> **Stored data**:
------------------------------------------------------------

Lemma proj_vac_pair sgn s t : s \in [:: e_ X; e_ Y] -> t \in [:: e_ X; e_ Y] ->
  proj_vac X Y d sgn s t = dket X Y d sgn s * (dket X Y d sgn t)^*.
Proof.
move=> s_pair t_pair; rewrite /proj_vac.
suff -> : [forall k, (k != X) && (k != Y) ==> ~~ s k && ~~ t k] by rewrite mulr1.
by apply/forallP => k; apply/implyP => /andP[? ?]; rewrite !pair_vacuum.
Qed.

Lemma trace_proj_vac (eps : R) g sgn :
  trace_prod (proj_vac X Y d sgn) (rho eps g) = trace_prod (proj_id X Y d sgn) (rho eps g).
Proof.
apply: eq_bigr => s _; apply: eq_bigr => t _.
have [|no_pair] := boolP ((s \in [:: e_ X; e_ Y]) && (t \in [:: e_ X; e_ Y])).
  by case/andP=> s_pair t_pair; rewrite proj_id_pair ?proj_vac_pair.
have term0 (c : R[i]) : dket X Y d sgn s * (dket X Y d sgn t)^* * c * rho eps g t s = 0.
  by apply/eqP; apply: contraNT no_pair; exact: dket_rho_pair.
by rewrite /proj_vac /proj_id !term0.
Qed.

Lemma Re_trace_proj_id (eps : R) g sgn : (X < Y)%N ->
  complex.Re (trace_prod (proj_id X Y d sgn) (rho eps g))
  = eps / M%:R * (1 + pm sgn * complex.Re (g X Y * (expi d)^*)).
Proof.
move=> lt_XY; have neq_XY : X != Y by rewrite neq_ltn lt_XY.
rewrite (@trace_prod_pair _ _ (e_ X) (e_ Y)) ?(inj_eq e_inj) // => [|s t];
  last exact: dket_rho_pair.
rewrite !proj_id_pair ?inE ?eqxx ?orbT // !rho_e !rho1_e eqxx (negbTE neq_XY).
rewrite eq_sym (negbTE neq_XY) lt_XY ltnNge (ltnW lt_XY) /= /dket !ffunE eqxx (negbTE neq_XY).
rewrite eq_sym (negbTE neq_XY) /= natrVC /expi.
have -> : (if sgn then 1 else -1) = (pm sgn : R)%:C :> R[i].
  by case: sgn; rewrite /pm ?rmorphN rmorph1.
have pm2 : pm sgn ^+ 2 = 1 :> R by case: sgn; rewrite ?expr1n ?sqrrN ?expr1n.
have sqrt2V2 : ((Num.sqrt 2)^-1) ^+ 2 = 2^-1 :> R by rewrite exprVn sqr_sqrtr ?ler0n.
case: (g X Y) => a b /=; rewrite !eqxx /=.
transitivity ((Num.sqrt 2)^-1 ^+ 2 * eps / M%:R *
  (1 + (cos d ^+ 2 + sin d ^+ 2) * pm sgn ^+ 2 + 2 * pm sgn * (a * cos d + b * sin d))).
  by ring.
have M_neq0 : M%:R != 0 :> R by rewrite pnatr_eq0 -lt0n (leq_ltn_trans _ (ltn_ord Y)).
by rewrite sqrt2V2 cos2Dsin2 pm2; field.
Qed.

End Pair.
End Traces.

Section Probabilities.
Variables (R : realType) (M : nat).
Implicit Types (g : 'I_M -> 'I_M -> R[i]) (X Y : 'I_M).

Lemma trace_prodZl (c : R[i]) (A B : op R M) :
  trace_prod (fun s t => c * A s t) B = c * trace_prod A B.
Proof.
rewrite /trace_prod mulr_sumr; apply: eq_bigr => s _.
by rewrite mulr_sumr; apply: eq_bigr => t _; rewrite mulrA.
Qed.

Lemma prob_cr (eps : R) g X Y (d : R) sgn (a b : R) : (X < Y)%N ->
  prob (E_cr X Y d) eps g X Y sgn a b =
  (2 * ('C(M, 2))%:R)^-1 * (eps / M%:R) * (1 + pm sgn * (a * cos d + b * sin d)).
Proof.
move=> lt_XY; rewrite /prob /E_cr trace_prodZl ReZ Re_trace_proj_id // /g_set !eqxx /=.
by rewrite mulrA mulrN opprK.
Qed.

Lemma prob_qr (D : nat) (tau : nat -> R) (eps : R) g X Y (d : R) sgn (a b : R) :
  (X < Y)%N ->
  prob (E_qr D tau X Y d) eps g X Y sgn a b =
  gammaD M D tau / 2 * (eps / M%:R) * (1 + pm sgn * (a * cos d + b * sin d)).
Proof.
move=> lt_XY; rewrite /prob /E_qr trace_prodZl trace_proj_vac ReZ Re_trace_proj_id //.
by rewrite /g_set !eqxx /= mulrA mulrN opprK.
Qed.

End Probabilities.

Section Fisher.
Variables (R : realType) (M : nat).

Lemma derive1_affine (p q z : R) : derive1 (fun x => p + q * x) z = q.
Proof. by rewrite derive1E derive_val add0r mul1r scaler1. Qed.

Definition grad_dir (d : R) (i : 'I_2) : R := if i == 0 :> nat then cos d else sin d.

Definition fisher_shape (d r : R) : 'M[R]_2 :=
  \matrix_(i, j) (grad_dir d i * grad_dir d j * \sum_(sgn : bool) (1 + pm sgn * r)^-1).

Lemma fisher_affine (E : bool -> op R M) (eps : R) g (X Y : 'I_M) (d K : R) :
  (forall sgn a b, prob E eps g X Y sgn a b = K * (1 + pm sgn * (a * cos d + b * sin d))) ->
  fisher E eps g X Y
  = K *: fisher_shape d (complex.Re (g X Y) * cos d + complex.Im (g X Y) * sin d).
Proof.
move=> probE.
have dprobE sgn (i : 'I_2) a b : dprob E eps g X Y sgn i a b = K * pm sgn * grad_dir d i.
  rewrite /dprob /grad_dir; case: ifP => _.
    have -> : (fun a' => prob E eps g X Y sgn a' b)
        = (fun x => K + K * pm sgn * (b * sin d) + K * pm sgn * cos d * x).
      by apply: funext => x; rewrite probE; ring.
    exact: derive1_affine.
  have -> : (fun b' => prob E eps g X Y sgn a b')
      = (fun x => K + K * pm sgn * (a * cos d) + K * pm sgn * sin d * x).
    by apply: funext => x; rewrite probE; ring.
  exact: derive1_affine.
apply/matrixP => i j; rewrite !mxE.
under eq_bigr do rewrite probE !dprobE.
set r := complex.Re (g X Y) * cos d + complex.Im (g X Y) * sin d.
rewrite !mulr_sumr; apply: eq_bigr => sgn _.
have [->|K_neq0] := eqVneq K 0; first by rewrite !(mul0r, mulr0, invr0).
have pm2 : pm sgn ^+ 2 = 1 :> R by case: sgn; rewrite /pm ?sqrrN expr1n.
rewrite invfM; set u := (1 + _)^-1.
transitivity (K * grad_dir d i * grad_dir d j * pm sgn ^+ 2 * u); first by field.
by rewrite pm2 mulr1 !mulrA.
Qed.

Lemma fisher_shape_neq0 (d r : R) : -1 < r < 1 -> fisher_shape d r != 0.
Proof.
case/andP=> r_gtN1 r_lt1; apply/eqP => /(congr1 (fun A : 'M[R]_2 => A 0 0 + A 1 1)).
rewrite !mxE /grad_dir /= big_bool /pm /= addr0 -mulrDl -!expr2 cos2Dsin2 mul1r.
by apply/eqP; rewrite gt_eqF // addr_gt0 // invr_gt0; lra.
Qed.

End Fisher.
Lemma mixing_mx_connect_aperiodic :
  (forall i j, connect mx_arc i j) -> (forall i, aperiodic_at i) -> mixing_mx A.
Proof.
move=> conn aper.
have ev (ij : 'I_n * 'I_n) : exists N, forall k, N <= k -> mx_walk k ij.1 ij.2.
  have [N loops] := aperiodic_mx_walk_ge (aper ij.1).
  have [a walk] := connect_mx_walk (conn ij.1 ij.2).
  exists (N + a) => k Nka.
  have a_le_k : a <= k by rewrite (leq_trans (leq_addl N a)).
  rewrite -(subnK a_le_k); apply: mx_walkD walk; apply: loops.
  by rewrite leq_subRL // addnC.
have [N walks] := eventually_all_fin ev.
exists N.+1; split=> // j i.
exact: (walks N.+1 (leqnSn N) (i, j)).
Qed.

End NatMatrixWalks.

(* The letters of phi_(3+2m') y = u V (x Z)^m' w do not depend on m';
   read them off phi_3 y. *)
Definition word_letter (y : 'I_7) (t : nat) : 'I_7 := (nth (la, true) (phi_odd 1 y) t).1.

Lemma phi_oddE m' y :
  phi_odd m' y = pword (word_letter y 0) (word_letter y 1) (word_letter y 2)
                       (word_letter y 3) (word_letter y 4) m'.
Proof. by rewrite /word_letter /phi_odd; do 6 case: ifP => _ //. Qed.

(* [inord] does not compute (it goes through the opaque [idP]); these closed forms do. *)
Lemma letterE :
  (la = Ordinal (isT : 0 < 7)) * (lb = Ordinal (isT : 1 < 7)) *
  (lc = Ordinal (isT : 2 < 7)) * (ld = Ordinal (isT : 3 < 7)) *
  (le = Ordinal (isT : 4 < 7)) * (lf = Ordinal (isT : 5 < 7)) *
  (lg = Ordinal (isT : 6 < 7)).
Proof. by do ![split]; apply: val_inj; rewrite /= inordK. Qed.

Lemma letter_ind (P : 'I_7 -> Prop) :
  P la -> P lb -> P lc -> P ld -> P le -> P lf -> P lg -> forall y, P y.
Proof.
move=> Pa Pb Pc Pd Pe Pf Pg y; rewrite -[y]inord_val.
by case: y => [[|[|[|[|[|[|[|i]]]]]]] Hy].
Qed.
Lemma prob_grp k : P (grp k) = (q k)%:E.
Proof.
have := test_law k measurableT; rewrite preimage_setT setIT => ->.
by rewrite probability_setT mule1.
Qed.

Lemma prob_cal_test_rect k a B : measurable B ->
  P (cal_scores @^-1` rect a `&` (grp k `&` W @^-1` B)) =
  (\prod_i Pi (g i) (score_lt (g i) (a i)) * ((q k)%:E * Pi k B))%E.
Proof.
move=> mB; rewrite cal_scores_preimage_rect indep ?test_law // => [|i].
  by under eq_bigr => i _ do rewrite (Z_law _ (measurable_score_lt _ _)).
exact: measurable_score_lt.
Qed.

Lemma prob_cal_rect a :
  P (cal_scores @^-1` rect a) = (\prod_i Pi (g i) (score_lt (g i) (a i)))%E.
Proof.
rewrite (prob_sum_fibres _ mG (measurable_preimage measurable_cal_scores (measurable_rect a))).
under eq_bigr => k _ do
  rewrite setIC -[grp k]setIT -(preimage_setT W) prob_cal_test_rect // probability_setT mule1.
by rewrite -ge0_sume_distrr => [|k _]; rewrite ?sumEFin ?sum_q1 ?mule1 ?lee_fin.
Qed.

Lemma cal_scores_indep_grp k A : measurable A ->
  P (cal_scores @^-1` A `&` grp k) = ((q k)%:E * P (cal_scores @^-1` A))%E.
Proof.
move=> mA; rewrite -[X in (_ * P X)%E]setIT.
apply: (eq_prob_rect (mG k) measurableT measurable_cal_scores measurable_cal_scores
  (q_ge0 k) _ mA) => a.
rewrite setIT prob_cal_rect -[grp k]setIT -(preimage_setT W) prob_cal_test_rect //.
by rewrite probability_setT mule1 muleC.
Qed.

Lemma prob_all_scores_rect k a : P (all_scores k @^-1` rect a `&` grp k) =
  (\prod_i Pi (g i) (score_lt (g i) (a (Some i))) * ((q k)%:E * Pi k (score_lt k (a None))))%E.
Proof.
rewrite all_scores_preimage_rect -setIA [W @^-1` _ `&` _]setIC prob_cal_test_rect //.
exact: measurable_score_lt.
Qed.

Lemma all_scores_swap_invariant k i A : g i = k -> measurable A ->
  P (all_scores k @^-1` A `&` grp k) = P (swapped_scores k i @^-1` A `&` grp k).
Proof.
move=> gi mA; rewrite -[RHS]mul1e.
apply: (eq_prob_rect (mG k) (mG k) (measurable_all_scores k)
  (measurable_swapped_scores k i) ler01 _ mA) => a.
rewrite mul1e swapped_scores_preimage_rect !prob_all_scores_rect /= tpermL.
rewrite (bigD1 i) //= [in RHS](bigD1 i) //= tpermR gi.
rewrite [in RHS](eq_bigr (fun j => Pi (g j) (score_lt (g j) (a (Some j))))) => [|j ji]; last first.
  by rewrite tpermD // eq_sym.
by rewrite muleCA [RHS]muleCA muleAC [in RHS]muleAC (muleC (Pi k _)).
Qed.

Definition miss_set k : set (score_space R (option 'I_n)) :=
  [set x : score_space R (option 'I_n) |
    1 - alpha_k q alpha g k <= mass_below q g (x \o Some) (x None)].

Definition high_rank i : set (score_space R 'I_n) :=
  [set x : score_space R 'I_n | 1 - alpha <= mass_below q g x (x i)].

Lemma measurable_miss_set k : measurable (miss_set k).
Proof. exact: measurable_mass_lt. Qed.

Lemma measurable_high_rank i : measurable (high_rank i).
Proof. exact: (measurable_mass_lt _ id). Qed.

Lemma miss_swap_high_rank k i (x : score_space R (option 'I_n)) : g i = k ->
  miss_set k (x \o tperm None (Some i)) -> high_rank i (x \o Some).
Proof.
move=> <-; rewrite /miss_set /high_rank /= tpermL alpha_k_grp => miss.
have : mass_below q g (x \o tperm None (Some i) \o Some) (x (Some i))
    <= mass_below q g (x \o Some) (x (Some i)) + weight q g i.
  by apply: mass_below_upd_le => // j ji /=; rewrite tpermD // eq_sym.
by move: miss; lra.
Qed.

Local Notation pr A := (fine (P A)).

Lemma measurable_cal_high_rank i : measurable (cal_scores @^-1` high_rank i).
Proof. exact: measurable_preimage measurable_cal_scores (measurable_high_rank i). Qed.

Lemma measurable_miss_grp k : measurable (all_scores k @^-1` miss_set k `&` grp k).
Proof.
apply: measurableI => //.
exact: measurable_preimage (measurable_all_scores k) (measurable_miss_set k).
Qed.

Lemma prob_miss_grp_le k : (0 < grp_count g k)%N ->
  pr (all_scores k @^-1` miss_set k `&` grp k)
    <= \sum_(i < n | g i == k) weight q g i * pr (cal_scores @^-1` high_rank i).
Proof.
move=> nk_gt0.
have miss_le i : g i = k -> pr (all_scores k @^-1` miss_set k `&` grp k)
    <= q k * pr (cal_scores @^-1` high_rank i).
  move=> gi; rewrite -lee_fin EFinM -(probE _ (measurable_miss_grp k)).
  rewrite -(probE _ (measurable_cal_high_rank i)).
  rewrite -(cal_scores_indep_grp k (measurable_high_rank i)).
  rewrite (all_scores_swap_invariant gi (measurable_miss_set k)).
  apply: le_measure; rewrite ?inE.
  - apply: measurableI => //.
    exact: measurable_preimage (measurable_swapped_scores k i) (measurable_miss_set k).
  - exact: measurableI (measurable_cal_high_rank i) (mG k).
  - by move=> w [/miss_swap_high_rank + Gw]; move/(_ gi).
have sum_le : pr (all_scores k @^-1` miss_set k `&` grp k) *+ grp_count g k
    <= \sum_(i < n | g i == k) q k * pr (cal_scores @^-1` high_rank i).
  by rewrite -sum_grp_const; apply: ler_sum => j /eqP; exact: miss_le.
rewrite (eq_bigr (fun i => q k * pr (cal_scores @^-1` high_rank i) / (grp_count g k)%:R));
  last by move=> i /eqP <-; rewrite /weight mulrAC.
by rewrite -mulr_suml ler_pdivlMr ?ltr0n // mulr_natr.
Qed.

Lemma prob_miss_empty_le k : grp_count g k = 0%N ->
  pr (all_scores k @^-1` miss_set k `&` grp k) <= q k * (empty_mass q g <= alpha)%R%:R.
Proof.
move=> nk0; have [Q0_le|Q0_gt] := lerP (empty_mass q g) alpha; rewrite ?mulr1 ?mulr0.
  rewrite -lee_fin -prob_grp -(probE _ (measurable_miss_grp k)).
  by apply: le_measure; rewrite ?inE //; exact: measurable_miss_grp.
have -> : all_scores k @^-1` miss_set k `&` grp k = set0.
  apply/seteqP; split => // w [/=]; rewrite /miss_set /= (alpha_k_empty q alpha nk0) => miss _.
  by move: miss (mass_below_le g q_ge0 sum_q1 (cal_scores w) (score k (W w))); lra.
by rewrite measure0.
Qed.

------------------------------------------------------------

> **Work required**: Would you copy out exactly the lines above that start at the one containing "trace_prod (fun s" and end at the one containing "Lemma prob_qr (D", inclusive?

> **Answer for this exercise**:
  trace_prod (fun s t => c * A s t) B = c * trace_prod A B.
Proof.
rewrite /trace_prod mulr_sumr; apply: eq_bigr => s _.
by rewrite mulr_sumr; apply: eq_bigr => t _; rewrite mulrA.
Qed.

Lemma prob_cr (eps : R) g X Y (d : R) sgn (a b : R) : (X < Y)%N ->
  prob (E_cr X Y d) eps g X Y sgn a b =
  (2 * ('C(M, 2))%:R)^-1 * (eps / M%:R) * (1 + pm sgn * (a * cos d + b * sin d)).
Proof.
move=> lt_XY; rewrite /prob /E_cr trace_prodZl ReZ Re_trace_proj_id // /g_set !eqxx /=.
by rewrite mulrA mulrN opprK.
Qed.

Lemma prob_qr (D : nat) (tau : nat -> R) (eps : R) g X Y (d : R) sgn (a b : R) :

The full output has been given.